The biggest job in India is vacant. No general election has been announced and there has been no change to the executive board at Tata. Instead, Rohit Sharma has resigned as the captain of the Indian Test side. His predecessor, Virat Kohli, has retired too and the Indian selectors now face a choice that matters not just to Indian cricket but to the health of Test cricket itself.
It is just as easy to tell the story of the Indian republic through the nation’s cricket captains as it is through its Prime Ministers. Independence begins with the Nawab of Pataudi, one of the few men to play Test cricket for both England and India, who played his last Test in August 1946, almost a year before the British left.
The Nawab’s son, known universally as “Tiger” Pataudi (Winchester and Oxford), later brought together three Indian cultural stories. In 1969, Tiger, the captain of India, married Sharmila Tagore, a Bollywood actress who was a distant relative of India’s great literary icon, Rabindranath Tagore.

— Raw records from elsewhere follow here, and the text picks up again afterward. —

(* Total variation distance between two measures on T:
   TV(mu1,mu2) = sup_{A measurable} |mu1 A - mu2 A|
   (for probability measures this equals 1/2 int |mu1 - mu2|). *)
Definition TV {d} {T : measurableType d} {R : realType}
  (mu1 mu2 : set T -> \bar R) : \bar R :=
  ereal_sup [set `|mu1 A - mu2 A| | A in [set A | measurable A]].

Definition label_cost {X Y : Type} {R : realType} (dX : X -> X -> R)
  (t1 t2 : X * Y) : \bar R :=
  if `[< t1.2 = t2.2 >] then (dX t1.1 t2.1)%:E else +oo.

Definition smoothed {dx} {X : measurableType dx} {Y : Type} {R : realType}
  (S : X -> {measure set X -> \bar R}) (h : X * Y -> R) (p : X * Y) : \bar R :=
  \int[S p.1]_x' (h (x', p.2))%:E.

From HB Require Import structures.
From mathcomp Require Import all_boot all_order all_algebra.
From mathcomp Require Import all_classical all_reals all_analysis.
From mathcomp Require Import ring lra measurable_realfun.
Import Order.TTheory GRing.Theory Num.Theory.
Local Open Scope classical_set_scope.
Local Open Scope ring_scope.
Local Open Scope ereal_scope.

(* Integrals of a [0, 1]-valued function against two probabilities differ by
   at most their total variation distance, so
   |hbar(x1, y) - hbar(x2, y)| <= TV(S x1, S x2) <= psi(d_X(x1, x2)).  The
   coupling gamma has finite cost, hence equal labels, gamma-almost everywhere;
   integrating against gamma bounds the difference of the two expectations by
   E_gamma psi(d(t1, t2)), and concavity bounds this by psi(E_gamma d) <= psi eps:
   for eps > 0 through a supergradient c >= 0 of psi at eps, and for eps = 0
   because the cost then vanishes almost everywhere. *)

Section concave_supergradient.
Context {R : realType} {psi : R -> R}.
Local Open Scope ring_scope.
Hypothesis psi_concave : forall a b t : R, 0 <= a -> 0 <= b -> 0 <= t <= 1 ->
  t * psi a + (1 - t) * psi b <= psi (t * a + (1 - t) * b).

Cricket, film and democracy are the unifying factors of Indian life, but plenty divides the country too, not least religion. It has helped that the Test team has been led by Muslims (the Pataudis and Mohammad Azharuddin), a Sikh (Bishan Bedi) as well as plenty of Hindus.
Sadly, one of the captains, Azharuddin, also exemplified a persistent feature of Indian public life, which is its corruption. Azharuddin was banned by the ICC and the BCCI for match-fixing before, fittingly perhaps, he entered Parliament as a Congress politician.
The deepest fault lines of Indian society, though, are not religious but material. This is a country that houses great wealth, while more than one million children die every year of preventable causes.
On one side of the divide stand the Brahminical nobility of Sunil Gavaskar and Sourav Ganguly and, on the other, the former travelling ticket examiner at Kharagpur railway station, Mahendra Singh Dhoni, perhaps the greatest of all Indian captains.
Dhoni’s superstar status in India is almost unimaginable elsewhere.
The historian Ramachandra Guha has complained that dominance by a charismatic individual – the Gandhi family in the Congress party, the cult of Narendra Modi – is a characteristic flaw of Indian institutions.
He has extended the analysis to Indian cricket in which he says Kohli, above all, had a mesmeric effect on the powers that be. That said, Kohli and Sharma should be commended for stepping down earlier than expected because Indian cricket usually indulges its superstars for too long. Sachin Tendulkar’s farewell tour went on longer than Elton John’s.
In their time at the top, Sharma and Kohli performed another important service whose ramifications range across the world. The captain of India is the world’s most powerful advocate for Test cricket. If the Indian captain were to sound like he preferred the speed and the riches of the IPL to the slow, unfolding subtleties of Test cricket, then the longer form would be in more trouble than it is anyway.
Kohli in particular, was always an eloquent advocate of Test cricket and he did the game a great service.
Now Indian cricket is looking for the next spokesman for the game. The coming man, and probably the most likely, is Shubman Gill, but his abundant talent has yet to be translated into consistent achievement.
Rishabh Pant has captained the Delhi and Lucknow franchises, but he is not long back from a serious car crash. The best available captain is probably Shreyas Iyer, but he is not certain of a place in the team. The smart choice might be vice-captain Jasprit Bumrah. As well as being a contemporary superstar with 25 million social media followers, Bumrah is a cricketer who cherishes his status as the best Test bowler in the world. The Test game needs a leader by example and Bumrah would be that man.